State collects traffic data on Route 140

Information will help draft proposals to ease congestion

Bypass still not an option

City, county part of effort to deal with 55,000 vehicles a day


October 01, 2001|By Mary Gail Hare | Mary Gail Hare,SUN STAFF

The State Highway Administration is examining Route 140 where the highway passes through Westminster to find ways to relieve congestion and improve safety on the city's main artery.

The study involves about a two-mile segment from Sullivan Road to Leidy Road. Residents along the stretch might notice administration personnel in the neighborhoods in the next few weeks.

Highway inspectors will be checking the "location of community facilities, historic structures and archaeological sites, as well as natural environmental features, including wetlands, streams and wildlife habitat," according to a letter the administration mailed to many residents last month. The inspections began Sept. 20 and could continue for several months.

Marion Fourhman received two letters, one for her residence of 46 years and one for an adjoining property she owns. "They have been talking about doing something about the highway for years," Fourhman said.

The state is working with Carroll County and Westminster on alternatives to a bypass around the city, a project Gov. Parris N. Glendening scrapped nearly three years ago because, he said, it would promote sprawl.

"With the bypass no longer under consideration, we are basically looking at what can be done on Route 140," said Jane Wagner, an administration project planner.

The state will rely on the data it gathers in the next few months to draft improvement proposals for that section of the highway, which is used by 55,000 motorists daily.

"We will be taking a physical look around, particularly for pipes, utilities and wetlands," Wagner said. The agency also will draw maps, count traffic and develop traffic projections for the next 20 years, she said.

Thomas Beyard, Westminster director of planning, said the study is the preliminary phase of a lengthy undertaking that will involve businesses and homeowners groups.

"Whatever we do will have a significant impact on businesses along the highway," Beyard said. "We need to take our time with this.
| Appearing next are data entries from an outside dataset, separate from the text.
Lemma sqnorm_ge0 x : 0 <= sqnorm x.
Proof. by case: ipP => _ _ /(_ x); rewrite ip_sqnorm ler0c. Qed.

Lemma Re_ip_cauchy_schwarz x y :
  complex.Re (ip x y) ^+ 2 <= sqnorm x * sqnorm y.
Proof.
apply: (@form_cauchy_schwarz _ _ (fun x y => complex.Re (ip x y))) => {x y}.
- by move=> x y z; rewrite ipDl ReD.
- by move=> t x z; rewrite ipZl Re_realM.
- by move=> x y; rewrite ipC ReJ.
- exact: sqnorm_ge0.
Qed.

Lemma adjointC {T Ts : V -> V} :
  is_adjoint ip T Ts -> forall y z, ip (Ts y) z = ip y (T z).
Proof. by move=> T_adj y z; rewrite ipC -T_adj -ipC. Qed.

Lemma contraction_sqnorm T x : is_contraction ip T -> sqnorm (T x) <= sqnorm x.
Proof. by case=> _ /(_ x); rewrite /hnorm ler_sqrt // sqnorm_ge0. Qed.

(* [|T^* w|^2 = Re <w, T T^* w> <= |w| |T T^* w| <= |w| |T^* w|] *)
Lemma adjoint_sqnorm_le T Ts x :
  (forall y, sqnorm (T y) <= sqnorm y) -> is_adjoint ip T Ts ->
  sqnorm (Ts x) <= sqnorm x.
Proof.
move=> T_contr T_adj.
have Tsx_ge0 := sqnorm_ge0 (Ts x); have x_ge0 := sqnorm_ge0 x.
have Tsx_ip : sqnorm (Ts x) = complex.Re (ip x (T (Ts x))).
  by rewrite /sqnorm (adjointC T_adj).
have : sqnorm (Ts x) ^+ 2 <= sqnorm x * sqnorm (Ts x).
  rewrite {1}Tsx_ip; apply: le_trans (Re_ip_cauchy_schwarz _ _) _.
  exact: ler_wpM2l.
nra.
Qed.

End InnerProduct.

Section OperatorProducts.
Variables (R : realType) (V : lmodType R[i]) (ip : V -> V -> R[i]) (I : eqType).
Variables (T Ts : I -> V -> V).
Hypotheses (ipP : is_inner_product ip) (T_lin : forall i, is_linear_op (T i)).
Hypothesis T_contr : forall i x, sqnorm ip (T i x) <= sqnorm ip x.
Hypothesis T_adj : forall i, is_adjoint ip (T i) (Ts i).

Definition oprod (l : seq I) : V -> V := foldr (fun i f => T i \o f) id l.
Definition oprod_adj (l : seq I) : V -> V := foldr (fun i f => f \o Ts i) id l.

Lemma oprod_rcons l j x : oprod (rcons l j) x = oprod l (T j x).
Proof. by elim: l => //= i l ->. Qed.

Lemma oprodD l x y : oprod l (x + y) = oprod l x + oprod l y.
Proof. by elim: l => //= i l ->; rewrite linear_opD. Qed.

Lemma oprodZ l a x : oprod l (a *: x) = a *: oprod l x.
Proof. by elim: l => //= i l ->; rewrite linear_opZ. Qed.

Lemma oprod_commute l (S : V -> V) (c : I -> R[i]) :
  (forall i, i \in l -> forall w, T i (S w) = c i *: S (T i w)) ->
  forall w, oprod l (S w) = (\prod_(i <- l) c i) *: S (oprod l w).
Proof.
elim: l => [|i l IH] TS w /=; first by rewrite big_nil scale1r.
rewrite IH => [|i' i'_l]; last by apply: TS; rewrite inE i'_l orbT.
by rewrite linear_opZ // TS ?mem_head // scalerA big_cons mulrC.
Qed.

Lemma oprod_sqnorm_le l x : sqnorm ip (oprod l x) <= sqnorm ip x.
Proof. by elim: l => //= i l IH; apply: le_trans (T_contr _ _) IH. Qed.

Lemma oprod_adjP l y x : ip (oprod_adj l y) x = ip y (oprod l x).
Proof. by elim: l y => //= i l IH y; rewrite IH (adjointC ipP (T_adj i)). Qed.

End OperatorProducts.

Lemma sum_subsets_setU1 (M : nmodType) (X : finType) (F : {set X} -> M)
    (a : X) (u : {set X}) : a \notin u ->
  \sum_(v : {set X} | v \subset a |: u) F v =
  \sum_(v : {set X} | v \subset u) F v + \sum_(v : {set X} | v \subset u) F (a |: v).
Proof.
move=> a_notin_u; rewrite (bigID (fun v : {set X} => a \in v)) /= addrC; congr (_ + _).
  by apply: eq_bigl => v; rewrite -subsetD1 setU1K.
rewrite (reindex_onto (fun v : {set X} => a |: v) (fun v => v :\ a)) /=; last first.
  by move=> v /andP[_ a_v]; rewrite setD1K.
apply: eq_bigl => w; rewrite setU11 andbT; apply/andP/idP => [[wu /eqP <-]|wu].
  by rewrite -(setU1K a_notin_u) setSD.
have a_notin_w : a \notin w := contra (subsetP wu a) a_notin_u.
by rewrite setUS // setU1K.
Qed.

Lemma sorted_enum_ord_set k (A : {set 'I_k}) :
  sorted (fun i j : 'I_k => (i < j)%N) (enum A).
Proof.
suff : sorted ltn (map val (enum A)) by rewrite sorted_map.
rewrite -[enum _](eq_filter (mem_enum _)) -(eq_filter (mem_map val_inj _)).
by rewrite -filter_map (sorted_filter ltn_trans) // unlock val_ord_enum iota_ltn_sorted.
Qed.

Lemma enum_setU1_gt k (j : 'I_k) (v : {set 'I_k}) :
  (forall i, i \in v -> (i < j)%N) -> enum (j |: v) = rcons (enum v) j.
Proof.
move=> v_lt_j.
apply: (irr_sorted_eq (leT := fun i j : 'I_k => (i < j)%N)) => [i1 i2 i3|i|||i].
- exact: ltn_trans.
- by rewrite /= ltnn.
- exact: sorted_enum_ord_set.
- have := sorted_enum_ord_set v; have : all (fun i : 'I_k => (i < j)%N) (enum v).
    by apply/allP => i; rewrite mem_enum; apply: v_lt_j.
  case: (enum v) => // i s /allP s_lt_j /= i_s.
  by rewrite rcons_path i_s s_lt_j // mem_last.
- by rewrite mem_enum mem_rcons !inE mem_enum.
Qed.

Lemma ord_set_ind_max k (P : {set 'I_k} -> Prop) : P set0 ->
  (forall (j : 'I_k) (u : {set 'I_k}),
     (forall i, i \in u -> (i < j)%N) -> P u -> P (j |: u)) ->
  forall u, P u.
Proof.
move=> P0 PU u; have [n] := ubnP #|u|; elim: n u => // n IH u.
have [-> //|[j0 j0_u]] := set_0Vmem u.
have [j j_u j_max] := arg_maxnP (fun i : 'I_k => i : nat) j0_u.
have {}j_u : j \in u := j_u.
move=> u_lt_n; rewrite -(setD1K j_u).
apply: PU => [i|]; last by apply: IH; move: u_lt_n; rewrite (cardsD1 j u) j_u add1n ltnS.
rewrite in_setD1 => /andP[i_neq_j i_u]; have i_le_j : (i <= j)%N := j_max i i_u.
by rewrite ltn_neqAle i_le_j andbT; apply: contra i_neq_j => /eqP/val_inj ->.
Qed.

Section Sform.
Variables (R : realType) (V : lmodType R[i]) (ip : V -> V -> R[i]) (k : nat).
Variables (T Ts : 'I_k -> V -> V) (q : 'I_k -> 'I_k -> R[i]).
Hypotheses (ipP : is_inner_product ip) (T_contr : forall i, is_contraction ip (T i)).
Hypothesis T_adj : forall i, is_adjoint ip (T i) (Ts i).
Hypothesis TT : forall i j : 'I_k, (i < j)%N -> forall x : V,
  T i (T j x) = q i j *: T j (T i x).
Hypothesis TTs : forall i j : 'I_k, (i < j)%N -> forall x : V,
  T i (Ts j x) = (q i j)^* *: Ts j (T i x).

Let T_lin i : is_linear_op (T i). Proof. by case: (T_contr i). Qed.
Let T_sqnorm i x : sqnorm ip (T i x) <= sqnorm ip x.
Proof. exact: contraction_sqnorm. Qed.

Definition Sform (u : {set 'I_k}) (x y : V) : R :=
  \sum_(v : {set 'I_k} | v \subset u)
    (-1) ^+ #|v| * complex.Re (ip (oprod T (enum v) x) (oprod T (enum v) y)).

Lemma Sop_ip u x : ip (Sop T Ts u x) x = (Sform u x x)%:C%C.
Proof.
rewrite /Sop (big_morph (ip^~ x) (fun y z => ipDl ipP y z x) (ip0l ipP x)).
rewrite rmorph_sum; apply: eq_bigr => v _.
by rewrite ipZl // (oprod_adjP ipP T_adj) ip_sqnorm // rmorphM rmorphXn rmorphN1.
Qed.

Lemma SformDl u x y z : Sform u (x + y) z = Sform u x z + Sform u y z.
Proof.
rewrite -big_split; apply: eq_bigr => v _.
by rewrite oprodD // ipDl // ReD mulrDr.
Qed.

Lemma SformZl u (t : R) x z : Sform u (t%:C%C *: x) z = t * Sform u x z.
Proof.
rewrite mulr_sumr; apply: eq_bigr => v _.
by rewrite oprodZ // ipZl // Re_realM mulrCA.
Qed.

Lemma SformC u x y : Sform u x y = Sform u y x.
Proof. by apply: eq_bigr => v _; rewrite (ipC ipP) ReJ. Qed.

Lemma Sform_set0 x : Sform set0 x x = sqnorm ip x.
Proof.
rewrite /Sform (eq_bigl (pred1 set0)) => [|v]; last by rewrite subset0.
by rewrite big_pred1_eq cards0 expr0 mul1r enum_set0.
Qed.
The city, county and state are all interrelated in this."

Nearly all the state's major improvements to Route 140 are complete. Beyard said he would like to see additional work at three key intersections: Malcolm Drive, Center Street and Englar Road.

Westminster is spending $166,000 on a study of several shopping centers and housing developments that will open in the next few months and cause further traffic congestion.